Profit totaled $400 million, or $2.82 per share, compared with $534 million, or $3.69 per share, during the same period a year ago.
The manufacturer’s third-quarter revenue was $7.3 billion, up from $6 billion during the same period of 2021.
Analysts had expected Cummins to post a profit of $4.85 per share and revenue of $6.8 billion.
Shares of the company were trading at $231.74 at noon Thursday, down 4% from Wednesday’s closing price.
Cummins said its profitability was affected by several expenses last quarter, the largest of which was the $56 million that the company spent on a one-time bonus to employees.

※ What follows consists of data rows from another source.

(* Consider an instance of the Side-Access Compact Retrieval Problem, a feasible solution, a cycle $c$ of it, and the set $Y$ of targets retrieved in cycle $c$. List the distinct heights $\{h_c(b):b\in Y\}$ in increasing order as $h_1<\dots<h_p$ and let $s_i=\max\{s(b): b\in Y,\ h_c(b)=h_i\}$. Then there exists an index $\ell\in\{1,\dots,p\}$ such that $s_1\le s_2\le\dots\le s_\ell\ge s_{\ell+1}\ge\dots\ge s_p$.
   Context: A slice is a sequence of stacks $T=(1,\dots,m)$, indexed from the entry side (stack $1$) outward; ''left'' means smaller index. Stack $t$ initially consists of $h(t)\ge0$ unit loads (ULs) stacked without gaps; a UL at height $k$ has exactly $k$ ULs below it in its stack. A pick-list $\mathcal B$ of target ULs is given; target $b$ lies in stack $s(b)$ at initial height $h(b)$. Retrieval proceeds in cycles $c=1,2,\dots$; $h_c(t)$, $h_c(b)$ are the heights of stack $t$ and of a not-yet-retrieved target $b$ at the start of cycle $c$ ($h_1=h$). In cycle $c$ one chooses clearance levels $\ell_c(t)\in\{0,\dots,h_c(t)\}$: the top $e_c(t)=h_c(t)-\ell_c(t)$ ULs of stack $t$ are lifted for the whole cycle. Then a sequence $(b_{c,1},\dots,b_{c,k})$ of targets is retrieved, with residual heights $d_{c,0}=\ell_c$ and $d_{c,i}(t)=d_{c,i-1}(t)-1$ if $t=s(b_{c,i})$, else unchanged. Retrieving $b$ (stack $t$, height $h=h_c(b)$) as the $i$-th retrieval requires accessibility: (a) $d_{c,i-1}(t)=h+1$ and (b) $d_{c,i-1}(t')=h$ for all $t'<t$. Afterwards lifted ULs are lowered, $h_{c+1}(t)=d_{c,k}(t)+e_c(t)$, and each remaining target's height decreases by the number of targets retrieved in cycle $c$ below it in its stack. Non-targets are never removed. A solution is feasible if every target is retrieved exactly once and is accessible when retrieved. *)

From mathcomp Require Import all_boot.
Set Implicit Arguments. Unset Strict Implicit. Unset Printing Implicit Defensive.

(* Stacks are indexed by nat, stack t with 1 <= t <= m ("left" = smaller).
   Targets form a finite type B (the pick-list); s b is the stack of b,
   hb b its initial height.  A state (at the start of a cycle) is a pair
   (H, HT): H t = current height of stack t, HT b = current height of
   target b.  A cycle is a pair (l, Y): l t = clearance level of stack t,
   Y = the sequence of targets retrieved in that cycle, in order. *)

Section SACRP.
Variable B : finType.
Variable s : B -> nat.

Definition ret_state := ((nat -> nat) * (B -> nat))%type.
Definition ret_cycle := ((nat -> nat) * seq B)%type.

Definition dres (l : nat -> nat) (pre : seq B) (t : nat) : nat :=
  l t - count (fun b => s b == t) pre.

Definition cycle_ok (m : nat) (st : ret_state) (cy : ret_cycle) : Prop :=
  let: (H, HT) := st in
  let: (l, Y) := cy in
  (forall t, 1 <= t <= m -> l t <= H t) /\
  (forall i, i < size Y ->
     forall b, b = nth b Y i ->
       dres l (take i Y) (s b) = (HT b).+1 /\
       (forall t', 1 <= t' < s b -> dres l (take i Y) t' = HT b)).

Definition next_state (st : ret_state) (cy : ret_cycle) : ret_state :=
  let: (H, HT) := st in
  let: (l, Y) := cy in
  (fun t => dres l Y t + (H t - l t),
   fun b => HT b - count (fun b' => (s b' == s b) && (HT b' < HT b)) Y).

(* state at the start of cycle c+1 (0-based c) *)
Definition state_at (st0 : ret_state) (sol : seq ret_cycle) (c : nat) : ret_state :=
  foldl next_state st0 (take c sol).

Definition feasible (m : nat) (st0 : ret_state) (sol : seq ret_cycle) : Prop :=
  perm_eq (flatten (map snd sol)) (enum B) /\
  forall c, c < size sol -> forall cy, cy = nth cy sol c ->
    cycle_ok m (state_at st0 sol c) cy.

End SACRP.

From mathcomp Require Import all_boot.
From mathcomp Require Import zify.

Set Implicit Arguments.
Unset Strict Implicit.
Unset Printing Implicit Defensive.

(* Within a cycle each stack [t] is emptied from its clearance level [l t]
   downwards, one unit load at a time, so the heights retrieved from [t] form
   an interval ending at [l t - 1].  Accessibility of [b] moreover forces every
   stack left of [s b] to be cleared exactly down to [h(b)].  Hence if [z] and
   [x] are retrieved at heights [h(z) < h < h(x)], the interval of the stack
   [minn (s x) (s z)] contains [h], so some target at height [h] lies in that
   stack.  The sequence [s_i] therefore has no strict valley, and a sequence
   without valleys increases up to its maximum and decreases afterwards. *)

Lemma split_at_count (T : Type) (P : pred T) (r : seq T) j :
  j < count P r ->
  exists r1 x r2, [/\ r = r1 ++ x :: r2, P x & count P r1 = j].
Proof.
elim: r j => [|a r IHr] j //=.
case Pa: (P a) => /=; first case: j => [|j] lt_j_r.
- by exists [::], a, r.
- have [r1 [x [r2 [-> Px <-]]]] := IHr j lt_j_r.
  by exists (a :: r1), x, r2; rewrite /= Pa.
- move=> lt_j_r; have [r1 [x [r2 [-> Px <-]]]] := IHr j lt_j_r.
  by exists (a :: r1), x, r2; rewrite /= Pa.
Qed.

Lemma mem_split (T : eqType) (x : T) (r : seq T) :
  x \in r -> exists r1 r2, r = r1 ++ x :: r2.
Proof. by case/splitPr=> r1 r2; exists r1, r2. Qed.

Lemma gtn_bigmax_seq (I : eqType) (r : seq I) (P : pred I) (F : I -> nat) m :
  m < \max_(i <- r | P i) F i -> exists2 i, i \in r & P i && (m < F i).
Proof.
move=> lt_m_max; apply/hasP; apply: contraLR lt_m_max => /hasPn noF.
rewrite -leqNgt; apply/bigmax_leqP_seq => i ri Pi.
by move: (noF i ri); rewrite Pi /= -leqNgt.
Qed.

Lemma unimodal_of_quasiconcave (f : nat -> nat) p : 0 < p ->
  (forall i j k, i < j < k -> k < p -> minn (f i) (f k) <= f j) ->
  exists l, l < p /\ (forall i, i < l -> f i <= f i.+1) /\
    (forall i, l <= i -> i.+1 < p -> f i.+1 <= f i).
Proof.
move=> p_gt0 f_qc.
case: (arg_maxnP (fun i : 'I_p => f i) (isT : xpredT (Ordinal p_gt0))).
move=> [l lt_l_p] _ /= l_max.
have f_le_l i : i < p -> f i <= f l by move=> lt_ip; apply: (l_max (Ordinal lt_ip)).
exists l; split=> //; split=> i.
- move=> lt_il; have [lt_i1_l | eq_i1_l] : i.+1 < l \/ i.+1 = l by lia.
  + have := f_qc i i.+1 l ltac:(lia) lt_l_p.
    by rewrite (minn_idPl (f_le_l i _)) //; lia.
  + by subst l; apply: f_le_l; lia.
- move=> le_li lt_i1_p; have [lt_li | eq_li] : l < i \/ l = i by lia.
  + have := f_qc l i i.+1 ltac:(lia) lt_i1_p.
    by rewrite (minn_idPr (f_le_l _ lt_i1_p)).
  + by subst l; apply: f_le_l; lia.
Qed.

Section OneCycle.

Variables (B : finType) (s : B -> nat) (lv : nat -> nat) (HT : B -> nat).
Variable Y : seq B.
Hypothesis s_gt0 : forall b, 0 < s b.
Hypothesis Y_accessible : forall i, i < size Y -> forall b, b = nth b Y i ->
  dres s lv (take i Y) (s b) = (HT b).+1 /\
  (forall t, 1 <= t < s b -> dres s lv (take i Y) t = HT b).

Lemma accessible_cat Y1 b Y2 : Y = Y1 ++ b :: Y2 ->
  lv (s b) - count (fun b' => s b' == s b) Y1 = (HT b).+1 /\
  (forall t, 1 <= t < s b -> lv t - count (fun b' => s b' == t) Y1 = HT b).
Proof.
move=> EY; have lt_Y1_Y : size Y1 < size Y by rewrite EY size_cat /= addnS ltnS leq_addr.
have := @Y_accessible (size Y1) lt_Y1_Y b.
by rewrite /dres EY take_size_cat // nth_cat ltnn subnn; apply.
Qed.

Lemma retrieved_from_stack t h :
  lv t - count (fun b => s b == t) Y <= h < lv t ->
  exists2 w, w \in Y & (s w == t) && (HT w == h).
Proof.
move=> h_range.
have [Y1 [w [Y2 [EY /eqP sw_t cnt]]]] :=
  @split_at_count _ (fun b => s b == t) Y (lv t - h.+1) ltac:(lia).
exists w; first by rewrite EY mem_cat mem_head orbT.
have [HTw _] := accessible_cat EY.
rewrite sw_t cnt in HTw.
by rewrite sw_t eqxx /=; apply/eqP; lia.
Qed.

Lemma retrieved_between x z h : x \in Y -> z \in Y -> HT z < h < HT x ->
  exists2 w, w \in Y & (HT w == h) && (s w == minn (s x) (s z)).
Proof.
move=> /mem_split[X1 [X2 EX]] /mem_split[Z1 [Z2 EZ]] /andP[gt_hz lt_hx].
have [HTx left_x] := accessible_cat EX; have [HTz left_z] := accessible_cat EZ.
have cnt_prefix Y1 b Y2 t : Y = Y1 ++ b :: Y2 ->
    count (fun b' => s b' == t) Y1 <= count (fun b' => s b' == t) Y.
  by move=> ->; rewrite count_cat leq_addr.
have [le_zx | lt_xz] := leqP (s z) (s x).
- (* [x] sees stack [s z] cleared at level at least [h(x)]; [z] comes from
     below [h] in the same stack *)
  have lv_ge : HT x <= lv (s z).
    have [eq_zx | lt_zx] : s z = s x \/ s z < s x by lia.
    + by move: HTx; rewrite -eq_zx; lia.
    + by have := left_x (s z) ltac:(have := s_gt0 z; lia); lia.
  have cnt_z := cnt_prefix _ _ _ (s z) EZ.
  have [w Yw /andP[/eqP sw /eqP HTw]] := @retrieved_from_stack (s z) h ltac:(lia).
  by exists w; rewrite // HTw sw !eqxx.
- (* [x] comes from stack [s x] above [h]; retrieving [z] requires [s x] to
     be cleared down to [h(z)] *)
  have cnt_x := cnt_prefix _ _ _ (s x) EX; have cnt_zx := cnt_prefix _ _ _ (s x) EZ.
  have cleared_x := left_z (s x) ltac:(have := s_gt0 x; lia).
  have [w Yw /andP[/eqP sw /eqP HTw]] := @retrieved_from_stack (s x) h ltac:(lia).
  by exists w; rewrite // HTw sw !eqxx.
Qed.

Definition max_stack_at (h : nat) : nat := \max_(b <- Y | HT b == h) s b.

Lemma max_stack_at_quasiconcave hi hj hk : hi < hj < hk ->
  minn (max_stack_at hi) (max_stack_at hk) <= max_stack_at hj.
Proof.
move=> /andP[lt_ij lt_jk]; rewrite leqNgt; apply/negP => valley.
have [z Yz /andP[/eqP HTz gt_z]] :=
  gtn_bigmax_seq (leq_trans valley (geq_minl _ _)).
have [x Yx /andP[/eqP HTx gt_x]] :=
  gtn_bigmax_seq (leq_trans valley (geq_minr _ _)).
have [w Yw /andP[HTw /eqP sw]] := @retrieved_between x z hj Yx Yz
  ltac:(by rewrite HTz HTx lt_ij lt_jk).
have : s w <= max_stack_at hj := leq_bigmax_seq (P := fun b => HT b == hj) w Yw HTw.
by rewrite sw; lia.
Qed.

End OneCycle.

Theorem lemma3 (m : nat) (h0 : nat -> nat) (B : finType)
  (s : B -> nat) (hb : B -> nat)
  (Hs : forall b, 1 <= s b <= m)
  (Hhb : forall b, hb b < h0 (s b))
  (Hpos : forall b b', s b = s b' -> hb b = hb b' -> b = b')
  (sol : seq (ret_cycle B))
  (Hfeas : feasible s m (h0, hb) sol)
  (c : nat) (Hc : c < size sol) (cy : ret_cycle B) (Hcy : cy = nth cy sol c)
  (HY : cy.2 <> [::]) :
  let HT := (state_at s (h0, hb) sol c).2 in
  let Y := cy.2 in
  let hs := sort leq (undup [seq HT b | b <- Y]) in
  let p := size hs in
  let si := fun i => \max_(b <- Y | HT b == nth 0 hs i) s b in
  exists l, l < p /\
    (forall i, i < l -> si i <= si i.+1) /\
    (forall i, l <= i -> i.+1 < p -> si i.+1 <= si i).
Proof.
have := Hfeas.2 c Hc cy Hcy.
case: (state_at s (h0, hb) sol c) => ? HT; case: cy {Hcy} HY => lv Y /= Y_nil [_ Y_acc].
have s_gt0 b : 0 < s b by case/andP: (Hs b).
set hs := sort leq _.
have hs_sorted : sorted ltn hs.
  by rewrite ltn_sorted_uniq_leq sort_uniq undup_uniq sort_sorted //; apply: leq_total.
have [b Yb] : exists b, b \in Y by case: (Y) Y_nil => // b Y' _; exists b; apply: mem_head.
have hs_gt0 : 0 < size hs.
  have : HT b \in hs by rewrite mem_sort mem_undup map_f.
  by case: (hs).
apply: (unimodal_of_quasiconcave hs_gt0) => i j k /andP[lt_ij lt_jk] lt_k.
have nth_lt a a' : a < a' < size hs -> nth 0 hs a < nth 0 hs a'.
  by move=> /andP[lt_a lt_a']; apply: (sorted_ltn_nth ltn_trans 0 hs_sorted);
    rewrite ?inE //; lia.
apply: (max_stack_at_quasiconcave s_gt0 Y_acc).
by rewrite !nth_lt ?lt_ij ?lt_jk ?lt_k //; lia.
Qed.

“We felt very strongly that, given the tremendous effort of our employees over the last 18 months … We felt that this one-time recognition was very appropriate,” CEO Jennifer Rumsey said during a Thursday morning call with analysts.

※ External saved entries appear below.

Definition is_pullback {A B D P : C} (f : Hom A D) (g : Hom B D)
    (p : Hom P A) (q : Hom P B) : Prop :=
  f \o' p = g \o' q /\
  forall (X : C) (u : Hom X A) (v : Hom X B), f \o' u = g \o' v ->
    exists! h : Hom X P, p \o' h = u /\ q \o' h = v.

Definition is_coproduct_injection {X Z : C} (m : Hom X Z) : Prop :=
  exists (Y : C) (m' : Hom Y Z), is_bincoproduct m m'.

Definition countable_type (I : Type) : Prop :=
  exists enc : I -> nat, forall i j, enc i = enc j -> i = j.

Definition has_countable_coproducts : Prop :=
  forall (I : Type), countable_type I -> forall A : I -> C,
    exists (S : C) (inj : forall i, Hom (A i) S), is_coproduct A S inj.

Definition coproducts_universal : Prop :=
  forall (I : Type), countable_type I -> forall (A : I -> C) (S : C)
    (inj : forall i, Hom (A i) S), is_coproduct A S inj ->
    forall (B : C) (f : Hom B S),
      (forall i, exists (P : C) (p : Hom P (A i)) (q : Hom P B),
          is_pullback (inj i) f p q) /\
      (forall (P : I -> C) (p : forall i, Hom (P i) (A i))
              (q : forall i, Hom (P i) B),
          (forall i, is_pullback (inj i) f (p i) (q i)) ->
          is_coproduct P B q).

Definition coproducts_disjoint : Prop :=
  forall (I : Type), countable_type I -> forall (A : I -> C) (S : C)
    (inj : forall i, Hom (A i) S), is_coproduct A S inj ->
    (forall i, monic (inj i)) /\
    (forall i j, i <> j -> forall (P : C) (p : Hom P (A i)) (q : Hom P (A j)),
        is_pullback (inj i) (inj j) p q -> is_initial P).

Definition coproducts_coherent : Prop :=
  forall (I : Type), countable_type I -> forall (X : I -> C) (Z : C)
    (m : forall i, Hom (X i) Z),
    (forall i, is_coproduct_injection (m i)) ->
    (forall i j, i <> j -> exists (P : C) (p : Hom P (X i)) (q : Hom P (X j)),
        is_pullback (m i) (m j) p q /\ is_initial P) ->
    forall (S : C) (s : forall i, Hom (X i) S), is_coproduct X S s ->
    forall h : Hom S Z, (forall i, h \o' s i = m i) ->
    is_coproduct_injection h.

Definition hyper_extensive : Prop :=
  has_countable_coproducts /\ coproducts_universal /\
  coproducts_disjoint /\ coproducts_coherent.

(** Natural numbers object (Lawvere), i.e. initial algebra for [1 + (-)]
    presented by zero [z : 1 -> N] and successor [s : N -> N]. *)
Definition is_NNO (one N : C) (z : Hom one N) (s : Hom N N) : Prop :=
  forall (X : C) (x : Hom one X) (f : Hom X X),
    exists! h : Hom N X, h \o' z = x /\ h \o' s = f \o' h.

(** For [e : X -> X + A], [s] solves [e] iff
    [s = [a, id_A] . (s + id_A) . e = [a . s, id_A] . e]; the copairing is
    expressed through the universal property of the chosen coproduct. *)
Definition solves {A X Q : C} (a : Hom A A) (l : Hom X Q) (r : Hom A Q)
    (e : Hom X Q) (s : Hom X A) : Prop :=
  forall c : Hom Q A, c \o' l = a \o' s -> c \o' r = idm A -> s = c \o' e.

Definition is_cia_Id {A : C} (a : Hom A A) : Prop :=
  forall (X Q : C) (l : Hom X Q) (r : Hom A Q), is_bincoproduct l r ->
    forall e : Hom X Q, exists! s : Hom X A, solves a l r e s.

Definition is_free_cia_Id {Y T : C} (a : Hom T T) (eta : Hom Y T) : Prop :=
  is_cia_Id a /\
  forall (B : C) (b : Hom B B), is_cia_Id b -> forall f : Hom Y B,
    exists! h : Hom T B, h \o' a = b \o' h /\ h \o' eta = f.

End Basic.

Arguments is_initial {C} _.
Arguments is_terminal {C} _.
Arguments monic {C A B} _.
Arguments is_iso {C A B} _.
Arguments isomorphic {C} _ _.
Arguments is_coproduct {C I} _ _ _.
Arguments is_bincoproduct {C A B S} _ _.
Arguments is_binproduct {C A B P} _ _.
Arguments is_pullback {C A B D P} _ _ _ _.
Arguments is_coproduct_injection {C X Z} _.
Arguments is_NNO {C one N} _ _.
Arguments solves {C A X Q} _ _ _ _ _.
Arguments is_cia_Id {C A} _.
Arguments is_free_cia_Id {C Y T} _ _.

(* A map out of N = ∐_n 1 is a sequence of points, and the recursion equations force the
   n-th point to be f^n x; so N is a natural numbers object.  The free cia on Y is
   T = ∐_n Y + 1 (indexed by [option nat]) with the algebra a shifting the n-th copy of Y to
   the (n+1)-st and fixing the point; by universality N × Y ≅ ∐_n Y, hence T ≅ N × Y + 1.
   To solve e : X → X + T, pull back along e to cut out the parts D_k of X reaching T after
   exactly k steps, at t_k : D_k → T.  They are pairwise disjoint, so by coherence
   X = ∐_k D_k + R, and e maps R into X through R.  A solution must be a^k ∘ t_k on D_k; on R
   it satisfies g = a ∘ g ∘ s, which forces it onto the point, since the n-th copy of Y misses
   the image of a^(n+1). *)

From Stdlib Require Import ClassicalEpsilon Arith Lia.

Arguments comp_assoc {c A B D E} h g f.
Arguments comp_id_l {c A B} f.
Arguments comp_id_r {c A B} f.

Ltac assoc_r := repeat rewrite <- comp_assoc.

Section UniversalProperties.
Context {C : Category}.

Lemma coproduct_hom_ext {I : Type} {A : I -> C} {S X : C} {inj : forall i, Hom (A i) S}
  (HS : is_coproduct A S inj) (h1 h2 : Hom S X) :
  (forall i, h1 \o' inj i = h2 \o' inj i) -> h1 = h2.
Proof.
  intros E. destruct (HS X (fun i => h2 \o' inj i)) as [h [_ U]].
  rewrite <- (U h1 E), <- (U h2 (fun i => eq_refl)). reflexivity.
Qed.

Lemma bincoproduct_hom_ext {A B S X : C} {l : Hom A S} {r : Hom B S}
  (Hlr : is_bincoproduct l r) (h1 h2 : Hom S X) :
  h1 \o' l = h2 \o' l -> h1 \o' r = h2 \o' r -> h1 = h2.
Proof.
  intros El Er. destruct (Hlr X (h2 \o' l) (h2 \o' r)) as [h [_ U]].
  rewrite <- (U h1 (conj El Er)), <- (U h2 (conj eq_refl eq_refl)). reflexivity.
Qed.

Other costs last quarter included $25 million associated with the acquisition and integration of Meritor Inc. The Meritor acquisition was finalized in August. Cummins also cited $16 million in costs related to its previously announced plans to spin off its filtration business into a separate company. That spinoff has not yet taken place.
Excluding the Meritor acquisition and related costs, Cummins said its profit would have been $456 million, or $3.21 per share.
Also on Thursday, Cummins announced that it is continuing to gain momentum in its hydrogen business, which currently represents a tiny portion of the company.
The company said it plans to begin producing electrolyzers—equipment that makes hydrogen fuel—in the U.S. for the first time. The company will produce electrolyzers in Fridley, Minnesota, with an initial manufacturing capacity of 500 megawatts annually, with the capacity to scale up production to 1 gigawatt annually.
Cummins also said it will be expanding its electrolyzer manufacturing capacity at its Oevel, Belgium plant.
Cummins’ New Power business segment, which includes both hydrogen and electric power, generated revenue of $50 million last quarter, up from $23 million during the same period a year earlier. That business segment, which was established several years ago, has not yet become profitable.